To further verify the aforementioned results, we took advantage of three distinct human pancreatic duct epithelial cell lines: the HPDE6-E6E76c7 (H6c7) cell line was immortalized from normal human pancreatic duct epithelial (HPDE) cells, PANC-1 derived from a human carcinoma of exocrine pancreas, and SW-1990 was established in 1978 from a spleen metastasis of a grade II pancreatic adenocarcinoma. SW-1990 possesses the highest degree of malignancy followed by PANC-1, while H6c7 could serve as a normal control. Regarding the BCAA transporters, SLC7A5 exhibited considerably increased expression level in both PANC-1 and SW-1990 cells. SLC1A5, SLC3A2 and SLC43A2 were mostly enriched in PANC-1 cell line, whereas SLC43A1 was slightly decreased in both PANC-1 and SW-1990 cells (Figure 4A). These results corroborated the flexibility of BCAA transporter usage, which brought challenge for therapies aimed at limiting BCAA uptake in PDAC. The similar flexibility was also observed in the upstream regulator NOTCH family proteins: as NOTCH4 was highly expressed in both PANC-1 and SW-1990 cells, NOTCH2 and NOTCH3 were highly expressed only in PANC-1 while NOTCH1 was enriched in H6c7 cell line. Contrary to the bioinformatic analysis, MYC displayed an increased expression level in both PANC-1 and SW-1990 cell lines (Figure 4B), and the enhanced expression of MYC and NOTCH4 ICD (intracellular domain) was confirmed at the protein level (Figure 4C). Consistently, the decreased BCAT2 expression indicated a diminished BCAA catabolism while the elevated CPT1A implied strengthened fatty acid oxidation; however, we were unable to detect an increase of FASN expression in PANC-1 and SW-1990 cell lines (Figure 4D–4E).
Figure 4. Experimental verification of the bioinformatic results. (A) mRNA expression of SLC carriers in H6c7, PANC-1 and SW-1990 cell line. (B) mRNA expression of MYC and NOTCH in H6c7, PANC-1 and SW-1990 cell line. (C–E) Protein expression of MYC, NOTCH4, BCAT2, CPT1A and FASN in H6c7, PANC-1 and SW-1990 cell line.

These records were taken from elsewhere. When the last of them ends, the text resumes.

Lemma rim_neighbor1 x p' : layer x = 0 -> p' < 2 * n -> cnear (2 * n) 1 (pos x) p' ->
  exists y, [/\ Sn_adj x y, layer y = 0 & pos y = p'].
Proof.
move=> + hp'; have hS := cshift_ordS; have hP := cshift_ord_pred.
have [i [->|->|->|->]] := Sn_vertexP x; rewrite /layer /pos /= => hl hnear; try lia.
- have [e|e] : p' = 2 * i + 1 \/ p' = 2 * ord_pred i + 1.
    by move: hnear (hP i) (ltn_ord i) (ltn_ord (ord_pred i)); rewrite /cnear /cshift; lia.
  + by exists (vtx 1 i); split; [case: (Sn_adj_spokes i) | | rewrite e].
  + exists (vtx 1 (ord_pred i)); split; [ | by [] | by rewrite e].
    by rewrite Sn_adjC -{2}(ord_predK i) Sn_adj_zigzag.
- have [e|e] : p' = 2 * ordS i \/ p' = 2 * i.
    by move: hnear (hS i) (ltn_ord i) (ltn_ord (ordS i)); rewrite /cnear /cshift; lia.
  + by exists (vtx 0 (ordS i)); split; [apply: Sn_adj_zigzag | | rewrite e /= addn0].
  + exists (vtx 0 i); split; [ | by [] | by rewrite e /= addn0].
    by rewrite Sn_adjC; case: (Sn_adj_spokes i).
Qed.

Lemma ring_neighbor2 x p' : p' < 2 * n -> cnear (2 * n) 2 (pos x) p' ->
  exists y, [/\ Sn_adj x y, layer y = layer x & pos y = p'].
Proof.
case: x => l i hp'; rewrite /pos /= => hnear.
have [e|e] : p' = 2 * ordS i + minn l 1 \/ p' = 2 * ord_pred i + minn l 1.
  move: hnear (cshift_ordS i) (cshift_ord_pred i) (ltn_ord (ordS i)) (ltn_ord (ord_pred i)).
  by rewrite /cnear /cshift; lia.
- by exists (l, ordS i); split=> //; apply: Sn_adj_ring.
- exists (l, ord_pred i); split=> //.
  by rewrite Sn_adjC -{2}(ord_predK i) Sn_adj_ring.
Qed.

Lemma spoke_down x : 0 < layer x ->
  exists y, [/\ Sn_adj x y, (layer y).+1 = layer x & pos y = pos x].
Proof.
have [i [->|->|->|->]] := Sn_vertexP x => //= _.
- by exists (vtx 1 i); split=> //; rewrite Sn_adjC; case: (Sn_adj_spokes i).
- by exists (vtx 2 i); split=> //; rewrite Sn_adjC; case: (Sn_adj_spokes i).
Qed.

Lemma spoke_up x : odd (pos x) -> layer x < 2 ->
  exists y, [/\ Sn_adj x y, layer y = (layer x).+1 & pos y = pos x].
Proof.
have [i [->|->|->|->]] := Sn_vertexP x; rewrite /layer /pos /= => ho hl; try lia.
- by exists (vtx 2 i); split=> //; case: (Sn_adj_spokes i).
- by exists (vtx 3 i); split=> //; case: (Sn_adj_spokes i).
Qed.

Lemma Sn_vertex_inj x y : layer x = layer y -> pos x = pos y -> x = y.
Proof.
case: x y => [l i] [m j]; rewrite /layer /pos /= => e1 e2.
have := ltn_ord l; have := ltn_ord m => hm hl.
by congr (_, _); apply: val_inj => /=; lia.
Qed.

Lemma Sn_dist_adj_le x y w : Sn_adj x y -> Sn_dist x w <= (Sn_dist y w).+1.
Proof.
have hx := pos_lt x; have hy := pos_lt y; have hw := pos_lt w.
rewrite /Sn_dist => /Sn_adj_cases [[-> hl] | [-> [h | h]]].
- by move: hl; rewrite /absdiff; lia.
- by have := sqcdist_near_le (isT : 1 <= 2) hx hy hw h; lia.
- by have := sqcdist_near_le (leqnn 2) hx hy hw h; lia.
Qed.

Lemma Sn_dist_eq0 x w : (Sn_dist x w == 0) = (x == w).
Proof.
apply/eqP/eqP => [|->]; last by rewrite /Sn_dist /sqcdist /cdist /absdiff; lia.
rewrite /Sn_dist /sqcdist /absdiff => h.
apply: Sn_vertex_inj; first lia.
by apply: (cdist_eq0 (pos_lt x) (pos_lt w)); lia.
Qed.

Lemma Sn_dist_lt x w : Sn_dist x w < #|{: V}|.
Proof.
rewrite card_prod !card_ord /Sn_dist /sqcdist /absdiff.
have := cdist_le_half (pos_lt x) (pos_lt w); have := layer_le x; have := layer_le w.
lia.
Qed.

Lemma Sn_dist_desc x w : 0 < Sn_dist x w ->
  exists2 y, Sn_adj x y & (Sn_dist y w).+1 = Sn_dist x w.
Proof.
have hx := pos_lt x; have hw := pos_lt w; have lx := layer_le x; have lw := layer_le w.
have par : odd (cdist (2 * n) (pos x) (pos w)) = odd (pos x + pos w).
  by apply: odd_cdist => //; lia.
rewrite /Sn_dist /sqcdist /absdiff => hpos.
case: (ltngtP (layer x) (layer w)) => hl.
- have ow := odd_pos (leq_ltn_trans (leq0n _) hl).
  case: (boolP (odd (pos x))) => ox.
    have [y [xy ly py]] := spoke_up ox (leq_trans hl lw).
    by exists y => //; rewrite ly py; lia.
  (* x is on layer 0 below w, at odd rim distance: one rim step lowers its uphalf. *)
  have lx0 : layer x = 0 by move: ox; apply: contraNeq; rewrite -lt0n; apply: odd_pos.
  have c1 : 0 < cdist (2 * n) (pos x) (pos w) by lia.
  have [p' [hp' hnear hc]] := cdist_near_desc hx hw (isT : 0 < 1) c1.
  have [y [xy ly py]] := rim_neighbor1 lx0 hp' hnear.
  by exists y => //; rewrite ly py lx0; lia.
- have [y [xy ly py]] := spoke_down (leq_ltn_trans (leq0n _) hl).
  by exists y => //; rewrite -ly py; lia.
- have c1 : 0 < cdist (2 * n) (pos x) (pos w) by lia.
  case: (leqP 2 (cdist (2 * n) (pos x) (pos w))) => c2.
    have [p' [hp' hnear hc]] := cdist_near_desc hx hw (isT : 0 < 2) c2.
    have [y [xy ly py]] := ring_neighbor2 hp' hnear.
    by exists y => //; rewrite ly py; lia.
  (* Rim distance 1 joins positions of different parity; the even one is on layer 0. *)
  have lx0 : layer x = 0.
    case: (posnP (layer x)) => // /[dup] /odd_pos ox; rewrite hl => /odd_pos.
    lia.
  have [p' [hp' hnear hc]] := cdist_near_desc hx hw (isT : 0 < 1) c1.
  have [y [xy ly py]] := rim_neighbor1 lx0 hp' hnear.
  by exists y => //; rewrite ly py -hl lx0; lia.
Qed.

Lemma gdist_Sn x w : gdist (@Sn_adj n) x w = Sn_dist x w.
Proof.
apply: (gdist_potential (f := Sn_dist ^~ w)) => //.
- by move=> y; apply: Sn_dist_eq0.
- by move=> y z; apply: Sn_dist_adj_le.
- by move=> y; apply: Sn_dist_desc.
- by move=> y; apply: Sn_dist_lt.
Qed.

Lemma resolves_Sn w u v : resolves (@Sn_adj n) w u v = (Sn_dist u w != Sn_dist v w).
Proof. by rewrite /resolves !gdist_Sn. Qed.

Lemma Sn_rim_vertex p : p < 2 * n -> exists v, layer v = 0 /\ pos v = p.
Proof.
move=> hp; have hi : p./2 < n by lia.
by case: (boolP (odd p)) => op; [exists (vtx 1 (Ordinal hi)) | exists (vtx 0 (Ordinal hi))];
  rewrite /layer /pos /=; split=> //; lia.
Qed.

Lemma Sn_rim_edge p p' : rim_step n p p' ->
  exists u v, [/\ Sn_adj u v, layer u = 0, layer v = 0, pos u = p & pos v = p'].
Proof.
case=> hp hp' hstep; have [u [lu pu]] := Sn_rim_vertex hp.
have [v [uv lv pv]] : exists v, [/\ Sn_adj u v, layer v = 0 & pos v = p'].
  case: hstep => hs; first by apply: rim_neighbor1; rewrite // pu; left.
  by rewrite -lu; apply: ring_neighbor2; rewrite // pu; left.
by exists u, v.
Qed.

Lemma Sn_local_resolving_landmarks (ws : seq V) w0 : w0 \in ws -> layer w0 = 0 ->
  (forall p p', ~ rim_blind n [seq pos w | w <- ws] p p') ->
  local_resolving (@Sn_adj n) [set w in ws].
Proof.
move=> hw0 lw0 unblind; apply/forallP => u; apply/forallP => v; apply/implyP => uv.
case: (Sn_adj_cases uv) => [[puv luv] | [luv hnear]].
  apply/existsP; exists w0; rewrite inE hw0 resolves_Sn /Sn_dist puv lw0 /=.
  by move: luv; rewrite /absdiff; lia.
apply/contraT; rewrite negb_exists_in => /forall_inP nores; exfalso.
have same w : w \in ws -> sqcdist (2 * n) (pos u) (pos w) = sqcdist (2 * n) (pos v) (pos w).
  move=> hw; have := nores w; rewrite inE hw resolves_Sn /Sn_dist luv eqn_add2l negbK.
  by move=> /(_ isT) /eqP.
have hu := pos_lt u; have hv := pos_lt v.
have [hs|hs] : rim_step n (pos u) (pos v) \/ rim_step n (pos v) (pos u).
  by case: hnear => [[h|h]|[h|h]]; [left|right|left|right]; split=> //; [left|left|right|right].
- apply: (unblind (pos u) (pos v)); split=> //.
  by apply/allP => _ /mapP [w hw ->]; rewrite same.
- apply: (unblind (pos v) (pos u)); split=> //.
  by apply/allP => _ /mapP [w hw ->]; rewrite same.
Qed.

Lemma Sn_local_resolving_rim (Q : seq nat) : Q != [::] -> all (fun q => q < 2 * n) Q ->
  (forall p p', ~ rim_blind n Q p p') ->
  exists2 W : {set V}, local_resolving (@Sn_adj n) W & #|W| <= size Q.
Proof.
move=> Q0 hQ unblind.
have [ws [pws lws]] : exists ws : seq V, map pos ws = Q /\ all (fun w => layer w == 0) ws.
  elim: Q {Q0 unblind} hQ => [|q Q IH] /=; first by exists [::].
  case/andP => /Sn_rim_vertex [w [lw pw]] /IH [ws [pws lws]].
  by exists (w :: ws); rewrite /= pw pws lw eqxx.
case: ws pws lws => [|w0 ws'] pws lws; first by move: Q0; rewrite -pws.
exists [set w in w0 :: ws']; last by rewrite cardsE -pws size_map card_size.
apply: (Sn_local_resolving_landmarks (w0 := w0)); first exact: mem_head.
  by move: lws => /= /andP [/eqP].
by rewrite pws.
Qed.

Lemma Sn_local_resolving_card_gt k (W : {set V}) : local_resolving (@Sn_adj n) W ->
  (forall Q : seq nat, size Q <= k -> all (fun q => q < 2 * n) Q ->
     exists p p', rim_blind n Q p p') ->
  k < #|W|.
Proof.
move=> hW hQ; apply: (local_resolving_card_gt hW) => s hs.
have hsz : size [seq pos w | w <- s] <= k by rewrite size_map.
have hlt : all (fun q => q < 2 * n) [seq pos w | w <- s].
  by apply/allP => _ /mapP [w _ ->]; apply: pos_lt.
have [p [p' [hst hbl]]] := hQ _ hsz hlt.
have [u [v [uv lu lv pu pv]]] := Sn_rim_edge hst.
exists u, v; split=> // w hw; rewrite resolves_Sn negbK /Sn_dist lu lv pu pv eqn_add2l.
by move/allP: hbl => /(_ (pos w) (map_f pos hw)).
Qed.
End ConvexPolytope.

Theorem theorem3p1 (n : nat) (hn : 3 <= n) :
  lmd (@Sn_adj n) = if odd n then 2 else 3.
Proof.
case: ifP => n_odd.
- have Q01 : all (fun q => q < 2 * n) [:: 0; 1] by rewrite /=; lia.
  have [W hW hcard] :=
    Sn_local_resolving_rim hn (Q := [:: 0; 1]) isT Q01 (fun p p' => not_rim_blind01 hn n_odd).
  apply: (lmd_eq hW hcard) => W' hW'.
  exact: (Sn_local_resolving_card_gt hn hW' (rim_blind_exists1 hn)).
- have Q012 : all (fun q => q < 2 * n) [:: 0; 1; 2] by rewrite /=; lia.
  have [W hW hcard] := Sn_local_resolving_rim hn (Q := [:: 0; 1; 2]) isT Q012 (not_rim_blind012 hn).
  apply: (lmd_eq hW hcard) => W' hW'.
  by apply: (Sn_local_resolving_card_gt hn hW') => Q; apply: rim_blind_exists2; rewrite ?n_odd.
Qed.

MYC mainly regulates BCAA uptake in myocyte of PC patients
Muscle is another important place where BCAAs are produced or deposited [25, 26]. To unveil the BCAA metabolism in muscle of pancreatic cancer patients, GSE130563 dataset was additionally applied to do further investigation. We discovered that gene expression of NOTCHs does not vary between groups while MYC (5.428 ± 0.394 vs 4.333 ± 0.214, P = 0.023) expression in muscles of cachectic PDAC patients was significantly up-regulated (Figure 5A–5E). Most of the SLC transporters exhibit no change between groups, except for SLC7A5 (6.813 ± 0.638 vs 6.355 ± 0.109, P = 0.015) whose expression in muscles of cachectic PDAC patients is slightly up-regulated compared to that of normal control (Figure 5F). At the same time, BCAA catabolism related genes exhibited no significant difference (Figure 5G–5M). Correlation analysis showed that SLC7A5 expression was in moderate correlation with MYC expression in muscle of PDAC patients (r = 0.639) (Figure 5N). Since SLC7A5 is up-regulated both in PDAC tissue and muscle of PDAC patients, fold-change (relative to normal counterparts) of SLC7A5 expression in muscle and tumor was calculated to determine which one potentially acquires more BCAAs from circulation. These results indicate that the relative fold-change of SLC7A5 expression in GSE62165 (tumor) and GSE102238 (tumor) are higher than that in GSE130563 (muscle) (Figure 5O), which means PDAC tumor cells might be more capable than myocytes regarding to BCAA uptake. Thus, distinct from tumor cells, MYC instead of NOTCH is a possible upstream transcriptional regulator of SLC transporters in muscle. During PDAC cancer development, cachectic condition in particular, pancreatic tissue robustly enhance the BCAA absorptive activity with only minor change in skeletal muscles.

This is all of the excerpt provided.